Os adeptos já começavam a demonstrar o seu descontentamento ao ver que tudo tinha sido uma cortina de fumo. Sentiam-se enganados, exaustos. Não era só por não haver investimento, era que a dívida era tão alta que era preciso vender os melhores futebolistas para não entrar em bancarrota. Como o Málaga no pós-Champions.
Fracassada a era de César Sánchez - demitiu-se - e de Celades - despedido -, chegou Miguel Ángel Corona como coordenador do futebol. A reallidade é que Murthy nunca o deixou fazer nada ou lhe deu o poder de decisão que precisava. As decisões, como sempre, eram tomadas fora do clube por representantes que convenciam Liam para lhes dar ouvidos. E isso não fazia mais do que baixar o nível de qualidade do plantel e enfurecer ainda mais os já desolados adeptos que viam o declínio que o presidente não queria ver.
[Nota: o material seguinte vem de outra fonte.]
Lemma lscoefM_window f g m a b N :
  (forall j, j < a -> lscoef f j = 0) -> (forall j, j < b -> lscoef g j = 0) ->
  m - a - b < N%:Z ->
  lscoef (lsmul f g) m = window_sum (lscoef f) (lscoef g) a m N.
Proof.
move=> fa gb ltN.
have [N' [ltN' ->]] := lscoefM_window_lo f g m.
set a' := Order.min a (lo f).
have [d Ed] : exists d : nat, a = a' + d%:Z by exists `|a - a'|%N; lia.
have [d' Ed'] : exists d : nat, lo f = a' + d%:Z by exists `|lo f - a'|%N; lia.
have -> : window_sum (lscoef f) (lscoef g) a m N =
          window_sum (lscoef f) (lscoef g) a' m (d + N).
  by rewrite window_sum_shift -?Ed // => i lt_id; apply: fa; lia.
have -> : window_sum (lscoef f) (lscoef g) (lo f) m N' =
          window_sum (lscoef f) (lscoef g) a' m (d' + N').
  by rewrite window_sum_shift -?Ed' // => i lt_id; apply: lscoef_lt_lo; lia.
rewrite -(@window_sum_widen _ _ _ _ (d + N) (maxn (d + N) (d' + N'))) ?leq_maxl //; last first.
  by move=> i le_i; rewrite gb ?mulr0 //; lia.
rewrite -(@window_sum_widen _ _ _ _ (d' + N') (maxn (d + N) (d' + N'))) ?leq_maxr //.
by move=> i le_i; rewrite (@lscoef_lt_lo g) ?mulr0 //; lia.
Qed.

Lemma eq_lscoefM f1 f2 g1 g2 : lscoef f1 =1 lscoef f2 -> lscoef g1 =1 lscoef g2 ->
  lscoef (lsmul f1 g1) =1 lscoef (lsmul f2 g2).
Proof.
move=> ef eg m.
have ltN : m - lo f1 - lo g1 < (absz (m - lo f1 - lo g1)%R).+1%:Z by lia.
rewrite (@lscoefM_window f1 g1 m _ _ _ _ _ ltN); try by move=> j ?; rewrite lscoef_lt_lo.
rewrite (@lscoefM_window f2 g2 m _ _ _ _ _ ltN).
- by apply: eq_bigr => i _; rewrite ef eg.
- by move=> j ?; rewrite -ef lscoef_lt_lo.
- by move=> j ?; rewrite -eg lscoef_lt_lo.
Qed.

Lemma lsmulC f g : lscoef (lsmul f g) =1 lscoef (lsmul g f).
Proof. by move=> m; rewrite !lscoefM (addrC (lo g)); case: (m - _) => // k; rewrite convC. Qed.

Lemma lsmulA f g h : lscoef (lsmul f (lsmul g h)) =1 lscoef (lsmul (lsmul f g) h).
Proof. by move=> m; rewrite !lscoefM /= addrA; case: (m - _) => // k; rewrite convA. Qed.

Lemma lsmul1 f : lscoef (lsmul (ls1 K) f) =1 lscoef f.
Proof.
by move=> m; rewrite lscoefM /= add0r /lscoef; case: (m - _) => // k; rewrite (conv1l (cf f)).
Qed.

Lemma lsmulDl f g h : lscoef (lsmul (lsadd f g) h) =1
  (fun m => lscoef (lsmul f h) m + lscoef (lsmul g h) m).
Proof.
move=> m; set l := Order.min (lo f) (lo g).
have lift_lo f' : lo f' >= l -> lscoef f' =1 lscoef (mkLS l (fun k => lscoef f' (l + k%:Z))).
  move=> le_l j; rewrite lscoef_mk_shift; case: ifP => // /negbT lt_j.
  by rewrite lscoef_lt_lo //; lia.
rewrite (eq_lscoefM (lift_lo f _) (frefl _)) ?ge_min ?lexx //.
rewrite (eq_lscoefM (lift_lo g _) (frefl _)) ?ge_min ?lexx ?orbT //.
by rewrite !lscoefM /=; case: (m - _) => [k|k]; [exact: convDl | rewrite addr0].
Qed.

Lemma lscoef_deriv f m : lscoef (lsderiv f) m = (m + 1)%:~R * lscoef f (m + 1).
Proof.
rewrite /lsderiv lscoef_mk; case E: (m - (lo f - 1)) => [k|k].
  by rewrite (_ : m + 1 = lo f + k%:Z) ?lscoef_cf //; lia.
by rewrite lscoef_lt_lo ?mulr0 //; lia.
Qed.

Lemma lsderivM f g m : lscoef (lsderiv (lsmul f g)) m =
  lscoef (lsmul (lsderiv f) g) m + lscoef (lsmul f (lsderiv g)) m.
Proof.
rewrite lscoef_deriv !lscoefM /=.
rewrite (_ : m - (lo f - 1 + lo g) = m + 1 - (lo f + lo g)); last by lia.
rewrite (_ : m - (lo f + (lo g - 1)) = m + 1 - (lo f + lo g)); last by lia.
case E: (m + 1 - (lo f + lo g)) => [k|k]; last by rewrite mulr0 addr0.
rewrite /conv -big_split mulr_sumr; apply: eq_bigr => -[i lt_ik] _ /=.
rewrite (_ : m + 1 = (lo f + i%:Z) + (lo g + (k - i)%N%:Z)); last by lia.
by rewrite intrD; ring.
Qed.

End LaurentCoefficients.

Section LaurentType.
Variable K : fieldType.
(* An [LS K] has many representations of the same series; [laurent K] is the
   quotient, as the coefficient functions realised by some [LS K]. *)
Definition laurent := {x : int -> K | exists f : LS K, lscoef f =1 x}.
End LaurentType.

HB.instance Definition _ (K : fieldType) := gen_eqMixin (laurent K).
HB.instance Definition _ (K : fieldType) := gen_choiceMixin (laurent K).

Section LaurentRing.
Variable K : fieldType.
Local Notation laurent := (laurent K).
Implicit Types x y z : laurent.

Definition lcoef x : int -> K := sval x.
Definition lrepr x : LS K := sval (cid (svalP x)).
Definition inL (f : LS K) : laurent := exist _ (lscoef f) (ex_intro _ f (frefl _)).

Lemma lreprP x : lscoef (lrepr x) =1 lcoef x.
Proof. exact: (svalP (cid (svalP x))). Qed.

Lemma lcoef_inL f : lcoef (inL f) = lscoef f.
Proof. by []. Qed.

Lemma lcoef_inj x y : lcoef x =1 lcoef y -> x = y.
Proof. by case: x y => [x ?] [y ?] /= /funext eq_xy; apply: eq_exist. Qed.

Definition ladd x y := inL (lsadd (lrepr x) (lrepr y)).
Definition lopp x := inL (lsopp (lrepr x)).
Definition lmul x y := inL (lsmul (lrepr x) (lrepr y)).
Definition lzero := inL (ls0 K).
Definition lone := inL (ls1 K).

Lemma lcoef_ladd x y m : lcoef (ladd x y) m = lcoef x m + lcoef y m.
Proof. by rewrite lcoef_inL lscoefD !lreprP. Qed.

Lemma lcoef_lopp x m : lcoef (lopp x) m = - lcoef x m.
Proof. by rewrite lcoef_inL lscoefN lreprP. Qed.

Lemma lcoef_lzero m : lcoef lzero m = 0.
Proof. exact: lscoef0. Qed.

Lemma laddA : associative ladd.
Proof. by move=> x y z; apply: lcoef_inj => m; rewrite !lcoef_ladd addrA. Qed.

Lemma laddC : commutative ladd.
Proof. by move=> x y; apply: lcoef_inj => m; rewrite !lcoef_ladd addrC. Qed.

Lemma ladd0l : left_id lzero ladd.
Proof. by move=> x; apply: lcoef_inj => m; rewrite lcoef_ladd lcoef_lzero add0r. Qed.

Lemma laddNl : left_inverse lzero lopp ladd.
Proof. by move=> x; apply: lcoef_inj => m; rewrite lcoef_ladd lcoef_lopp lcoef_lzero addNr. Qed.

Lemma lmulA : associative lmul.
Proof.
move=> x y z; apply: lcoef_inj => m; rewrite !lcoef_inL.
rewrite (eq_lscoefM (frefl _) (lreprP (lmul y z))) lsmulA.
by rewrite -(eq_lscoefM (lreprP (lmul x y)) (frefl _)).
Qed.

Lemma lmulC : commutative lmul.
Proof. by move=> x y; apply: lcoef_inj => m; rewrite !lcoef_inL lsmulC. Qed.

Lemma lmul1l : left_id lone lmul.
Proof.
move=> x; apply: lcoef_inj => m; rewrite lcoef_inL.
by rewrite (eq_lscoefM (lreprP lone) (frefl _)) lsmul1 lreprP.
Qed.

Lemma lmulDl : left_distributive lmul ladd.
Proof.
move=> x y z; apply: lcoef_inj => m; rewrite lcoef_ladd !lcoef_inL.
by rewrite (eq_lscoefM (lreprP (ladd x y)) (frefl _)) lsmulDl.
Qed.

Lemma lone_neq0 : lone != lzero.
Proof.
apply/eqP => /(congr1 (lcoef^~ 0)); rewrite lcoef_lzero lcoef_inL lscoef1 /=.
by move/eqP; rewrite oner_eq0.
Qed.

End LaurentRing.

HB.instance Definition _ (K : fieldType) :=
  GRing.isZmodule.Build (laurent K) (@laddA K) (@laddC K) (@ladd0l K) (@laddNl K).
HB.instance Definition _ (K : fieldType) :=
  GRing.Zmodule_isComNzRing.Build (laurent K)
    (@lmulA K) (@lmulC K) (@lmul1l K) (@lmulDl K) (@lone_neq0 K).

Section LaurentTheory.
Variable K : fieldType.
Local Notation laurent := (laurent K).
Implicit Types (x y : laurent) (f g : LS K).

Lemma lcoefD x y m : lcoef (x + y) m = lcoef x m + lcoef y m.
Proof. exact: lcoef_ladd. Qed.

Lemma lcoefN x m : lcoef (- x) m = - lcoef x m.
Proof. exact: lcoef_lopp. Qed.

Lemma lcoefB x y m : lcoef (x - y) m = lcoef x m - lcoef y m.
Proof. by rewrite lcoefD lcoefN. Qed.

Lemma lcoef0 m : lcoef (0 : laurent) m = 0.
Proof. exact: lcoef_lzero. Qed.

Lemma lcoef1 m : lcoef (1 : laurent) m = (m == 0)%:R.
Proof. exact: lscoef1. Qed.

Lemma lcoefMn x k m : lcoef (x *+ k) m = lcoef x m *+ k.
Proof. by elim: k => [|k IHk]; rewrite ?lcoef0 // !mulrS lcoefD IHk. Qed.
E ainda assim, a fé dos treinadores e do plantel valeu uma nova final da Taça do Rei com José Bordalás como treinador. Perderam. A resposta, em vez de seguir o caminho de construção, foi destruir de novo o projeto, vendendo, e mal, Carlos Soler, a estrela e porta-estandarte da equipa.
Do renascer a nova aposta falhada com o abismo por perto
Como resultado disso, a crispação social subiu muito mais, tal como os gritos de "Lim, vai embora já" que se repetiam - e ainda repetem - em milhares de gargantas a cada jogo, assim como a impossibilidade de reativar a construção do Nuevo Mestalla, fez com que Lim se fartasse de Murthy no passado verão e resgatasse Layhoon Chan, colocando-a como presidente. E para mostrar o "seu compromisso" nomeou o seu filho, sem experiência em gestão de clubes ou desportiva, como conselheiro. Não faz lembrar o Málaga de Al Thani com os seus filhos sem formação?
A situação, longe de melhorar e como seria de esperar, piorou. E o que é pior é que não se vê ainda o fundo do poço. A situação económica é complexa e mais ainda caso se confirme a descida à segunda divisão. Sem poder pagar por transferências neste momento, os salários da maior parte da equipa não podem parar na categoria de prata. Tal como aconteceu com o Málaga, que leva cinco temporadas perdido nesse limbo desportivo.
Daí que Chan não queira sequer ouvir falar de comparações com os andaluzes. Mas a realidade para o valencianismo é que são muitas semelhanças, demasiadas. De um grande investimento incial a não querer gasttar nem sequer para um pacote de sementes de girassol (aperitivo favorito dos adeptos espanhóis). Dos ares de grandeza à sobrevivência possível. E, claro, com as obras paralisadas de um novo estádio que também quis construir Al Thani em Málaga e nem foi capaz de começar as obras da Cidade Desportiva.
Em Valência vive-se entre o mau-estar social e as decisões apressadas. Os que querem ir e não podem. Os que vão quando querem ficar. As ruturas, os desenvolvimentos inesperados. O Valência recolhe os frutos da sementeira plantada em 2018 e, por agora, não se vislumbra um futuro animador... muito pelo contrário.